### Aim of the task:
Beneath this task are records; print exactly the stretch of them from the line with "apply (is_derive_comp h" through the line with "exists l, 0 <= l /\ (forall t, l <= W t) /\", both ends included.

─── Exercise data

Lemma Gronwall_abs (D dD : R -> R) c : 0 <= c -> (forall s, is_derive D s (dD s)) ->
  (forall s, Rabs (dD s) <= c * D s) -> forall s, D s <= exp (c * Rabs s) * D 0.
Proof.
  intros Hc Hd Hb s.
  assert (Dexp : forall a u, is_derive (fun u => exp (a * u)) u (a * exp (a * u))).
  { intros a u. derive_as (a * 1 * exp (a * u)).
    apply (is_derive_comp exp (fun u => a * u)); [apply is_derive_exp | derive_rules]. }
  (* the weight exp(-c|u|) times D is monotone on each side of 0 *)
  set (e := if Rle_dec 0 s then - c else c).
  assert (Hmon : exp (e * s) * D s <= D 0).
  { assert (D0 : exp (e * 0) * D 0 = D 0) by (rewrite Rmult_0_r, exp_0; ring).
    rewrite <- D0. unfold e. destruct (Rle_dec 0 s).
    - apply (le_of_is_derive_nonpos (fun u => exp (- c * u) * D u)
        (fun u => - c * exp (- c * u) * D u + exp (- c * u) * dD u)); auto.
      + intros x _. apply (is_derive_mult (fun u => exp (- c * u)) D); auto. exact Rmult_comm.
      + intros x _. pose proof (exp_pos (- c * x)). pose proof (proj1 (Rabs_le_between _ _) (Hb x)). nra.
    - apply (le_of_is_derive_nonneg (fun u => exp (c * u) * D u)
        (fun u => c * exp (c * u) * D u + exp (c * u) * dD u)); [lra | |].
      + intros x _. apply (is_derive_mult (fun u => exp (c * u)) D); auto. exact Rmult_comm.
      + intros x _. pose proof (exp_pos (c * x)). pose proof (proj1 (Rabs_le_between _ _) (Hb x)). nra. }
  assert (Hw : exp (c * Rabs s) * exp (e * s) = 1).
  { rewrite <- exp_plus, <- exp_0. f_equal. unfold e, Rabs.
    destruct (Rle_dec 0 s), (Rcase_abs s); first [ring | lra]. }
  pose proof (exp_pos (c * Rabs s)).
  apply (Rmult_le_compat_l (exp (c * Rabs s))) in Hmon; [| lra].
  rewrite <- Rmult_assoc, Hw, Rmult_1_l in Hmon. exact Hmon.
Qed.

Lemma ex_RInt_continuity (g : R -> R) a b : (forall s, continuity_pt g s) -> ex_RInt g a b.
Proof.
  intros Hg. apply (@ex_RInt_continuous R_CompleteNormedModule).
  intros z _. now apply continuity_pt_filterlim.
Qed.

Lemma is_derive_plus_RInt_0 (c : R) (g : R -> R) t : (forall s, continuity_pt g s) ->
  is_derive (fun t => c + RInt g 0 t) t (g t).
Proof.
  intros Hg. derive_as (0 + g t). derive_rules.
  apply (is_derive_RInt g (RInt g 0) 0 t).
  - apply filter_forall. intros b.
    apply (@RInt_correct R_CompleteNormedModule), ex_RInt_continuity, Hg.
  - now apply continuity_pt_filterlim.
Qed.

Lemma abs_RInt_0_le (g : R -> R) t M : (forall s, continuity_pt g s) ->
  (forall s, Rabs s <= Rabs t -> Rabs (g s) <= M) -> Rabs (RInt g 0 t) <= Rabs t * M.
Proof.
  intros Hg HM. destruct (Rle_dec 0 t) as [Ht | Ht].
  - replace (Rabs t * M) with ((t - 0) * M) by (rewrite Rabs_pos_eq; lra).
    apply abs_RInt_le_const; [lra | now apply ex_RInt_continuity |].
    intros s Hs. apply HM. rewrite !Rabs_pos_eq; lra.
  - rewrite <- (opp_RInt_swap g t 0) by now apply ex_RInt_continuity.
    change (Rabs (- RInt g t 0) <= Rabs t * M).
    rewrite Rabs_Ropp. replace (Rabs t * M) with ((0 - t) * M) by (rewrite Rabs_left; lra).
    apply abs_RInt_le_const; [lra | now apply ex_RInt_continuity |].
    intros s Hs. apply HM. rewrite !Rabs_left1; lra.
Qed.

Lemma is_derive_pow_fact (K : R) (m : nat) u :
  is_derive (fun u => K * u ^ S m / INR (fact (S m))) u (K * u ^ m / INR (fact m)).
Proof.
  assert (Hm : INR (S m) <> 0) by (apply not_0_INR; lia).
  pose proof (INR_fact_neq_0 m).
  apply (is_derive_ext (fun u => K / INR (fact (S m)) * u ^ S m)); [intros t; simpl; unfold Rdiv; ring |].
  refine (eq_ind (K / INR (fact (S m)) * (INR (S m) * 1 * u ^ m)) (is_derive _ u) _ _ _).
  - apply is_derive_scal, (is_derive_pow (fun u => u) (S m) u 1), (@is_derive_id R_AbsRing).
  - rewrite fact_simpl, mult_INR. field. auto.
Qed.

Lemma abs_le_of_is_derive_pow_fact_nonneg (h dh : R -> R) (K : R) (m : nat) t : 0 <= t ->
  h 0 = 0 -> (forall s, is_derive h s (dh s)) ->
  (forall s, 0 <= s <= t -> Rabs (dh s) <= K * s ^ m / INR (fact m)) ->
  Rabs (h t) <= K * t ^ S m / INR (fact (S m)).
Proof.
  intros Ht H0 Hd Hb.
  set (Phi := fun u => K * u ^ S m / INR (fact (S m))).
  assert (P0 : Phi 0 = 0) by (unfold Phi; simpl; unfold Rdiv; ring).
  assert (Up : h t - Phi t <= h 0 - Phi 0).
  { apply (le_of_is_derive_nonpos (fun u => h u - Phi u)
      (fun u => dh u - K * u ^ m / INR (fact m)) 0 t Ht).
    - intros x _. apply (is_derive_minus h Phi); [apply Hd | apply is_derive_pow_fact].
    - intros x Hx. pose proof (proj1 (Rabs_le_between _ _) (Hb x Hx)). lra. }
  assert (Low : - h t - Phi t <= - h 0 - Phi 0).
  { apply (le_of_is_derive_nonpos (fun u => - h u - Phi u)
      (fun u => - dh u - K * u ^ m / INR (fact m)) 0 t Ht).
    - intros x _. apply (is_derive_minus (fun u => - h u) Phi); [| apply is_derive_pow_fact].
      apply (@is_derive_opp R_AbsRing R_NormedModule), Hd.
    - intros x Hx. pose proof (proj1 (Rabs_le_between _ _) (Hb x Hx)). lra. }
  apply Rabs_le. unfold Phi in *. lra.
Qed.

Lemma abs_le_of_is_derive_pow_fact (h dh : R -> R) (K : R) (m : nat) t : h 0 = 0 ->
  (forall s, is_derive h s (dh s)) ->
  (forall s, Rabs (dh s) <= K * Rabs s ^ m / INR (fact m)) ->
  Rabs (h t) <= K * Rabs t ^ S m / INR (fact (S m)).
Proof.
  intros H0 Hd Hb. destruct (Rle_dec 0 t) as [Ht | Ht].
  - rewrite (Rabs_pos_eq t) by lra. apply (abs_le_of_is_derive_pow_fact_nonneg h dh); auto.
    intros s Hs. specialize (Hb s). now rewrite (Rabs_pos_eq s) in Hb by lra.
  - rewrite (Rabs_left t) by lra. replace (h t) with (h (- - t)) by (f_equal; ring).
    apply (abs_le_of_is_derive_pow_fact_nonneg (fun u => h (- u)) (fun u => - dh (- u)));
      [lra | now rewrite Ropp_0 | |].
    + intros s. derive_as (-1 * dh (- s)).
      apply (is_derive_comp h (fun u => - u)); [apply Hd |].
      apply (@is_derive_opp R_AbsRing R_NormedModule), (@is_derive_id R_AbsRing).
    + intros s Hs. specialize (Hb (- s)). rewrite Rabs_Ropp. now rewrite (Rabs_Ropp s), (Rabs_pos_eq s) in Hb by lra.
Qed.

Lemma nonincreasing_nonneg_limit (W : R -> R) : (forall t, 0 <= W t) ->
  (forall t1 t2, t1 <= t2 -> W t2 <= W t1) ->
  exists l, 0 <= l /\ (forall t, l <= W t) /\
    (forall eps, 0 < eps -> exists T, forall t, T <= t -> W t < l + eps).
Proof.
  intros Wpos Wdec.
  assert (Hg : Un_growing (fun n => - W (INR n))).
  { intros n. pose proof (Wdec (INR n) (INR (S n)) ltac:(rewrite S_INR; lra)). lra. }
  destruct (growing_cv _ Hg) as [l Hl].
  { exists 0. intros x [i ->]. pose proof (Wpos (INR i)). lra. }
  pose proof (growing_ineq _ l Hg Hl) as Hub.
  exists (- l). split; [| split].
  - destruct (Rle_dec l 0); [lra |]. destruct (Hl l ltac:(lra)) as [N HN].
    specialize (HN N (le_n _)). unfold R_dist in HN. apply Rabs_def2 in HN.
    pose proof (Wpos (INR N)). lra.
  - intros t. destruct (INR_unbounded t) as [n Hn].
    pose proof (Hub n). pose proof (Wdec t (INR n) ltac:(lra)). lra.
  - intros eps He. destruct (Hl eps He) as [N HN]. exists (INR N). intros t Ht.
    specialize (HN N (le_n _)). unfold R_dist in HN. apply Rabs_def2 in HN.
    pose proof (Wdec _ _ Ht). lra.
Qed.

Lemma pos_of_continuous_nonvanishing (z : R -> R) : continuity z -> (forall s, z s <> 0) ->
  0 < z 0 -> forall s, 0 <= s -> 0 < z s.
Proof.
  intros Hc Hnz H0 s Hs. destruct (Rlt_dec 0 (z s)) as [Q | Q]; [exact Q |]. exfalso.
  assert (Q' : z s < 0) by (pose proof (Hnz s); lra).
  destruct (Req_dec s 0) as [-> | Hs0]; [lra |].
  destruct (IVT (fun u => - z u) 0 s) as [u [_ Hzu]]; [| lra | lra | lra |].
  - intros x. now apply continuity_pt_opp.
  - apply (Hnz u). lra.
Qed.

Lemma Rabs_mult_self x : Rabs x * Rabs x = x * x.
Proof. rewrite <- Rabs_mult. apply Rabs_pos_eq, Rle_0_sqr. Qed.

Lemma Rabs_lt_of_sqr_lt x e : 0 < e -> x * x < e * e -> Rabs x < e.
Proof. intros He H. apply Rabs_def1; nra. Qed.

Lemma is_lim_pinfty_0_iff (f : R -> R) : is_lim f p_infty 0 <->
  forall eps, 0 < eps -> exists T, forall t, T < t -> Rabs (f t) < eps.
Proof.
  rewrite <- is_lim_spec. split.
  - intros H eps He. destruct (H (mkposreal eps He)) as [T HT].
    exists T. intros t Ht. specialize (HT t Ht). simpl in HT. now rewrite Rminus_0_r in HT.
  - intros H eps. destruct (H eps (cond_pos eps)) as [T HT].
    exists T. intros t Ht. rewrite Rminus_0_r. auto.
Qed.

Lemma halving_steps_tail (Q b : nat -> R) (N : nat) :
  (forall k, (N <= k)%nat -> Rabs (Q (S k) - Q k) <= b k) ->
  (forall k, (N <= k)%nat -> b (S k) <= b k / 2) ->
  forall n j, (N <= n)%nat -> Rabs (Q (n + j)%nat - Q n) + 2 * b (n + j)%nat <= 2 * b n.
Proof.
  intros HQ Hb n j Hn. induction j as [| j IH].
  - rewrite Nat.add_0_r, Rminus_diag, Rabs_R0. lra.
  - rewrite Nat.add_succ_r.
    pose proof (HQ (n + j)%nat ltac:(lia)). pose proof (Hb (n + j)%nat ltac:(lia)).
    pose proof (Rabs_triang (Q (S (n + j)) - Q (n + j)%nat) (Q (n + j)%nat - Q n)).
    replace (Q (S (n + j)) - Q (n + j)%nat + (Q (n + j)%nat - Q n))
      with (Q (S (n + j)) - Q n) in * by ring.
    lra.
Qed.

──────

### Result below:
      apply (is_derive_comp h (fun u => - u)); [apply Hd |].
      apply (@is_derive_opp R_AbsRing R_NormedModule), (@is_derive_id R_AbsRing).
    + intros s Hs. specialize (Hb (- s)). rewrite Rabs_Ropp. now rewrite (Rabs_Ropp s), (Rabs_pos_eq s) in Hb by lra.
Qed.

Lemma nonincreasing_nonneg_limit (W : R -> R) : (forall t, 0 <= W t) ->
  (forall t1 t2, t1 <= t2 -> W t2 <= W t1) ->
  exists l, 0 <= l /\ (forall t, l <= W t) /\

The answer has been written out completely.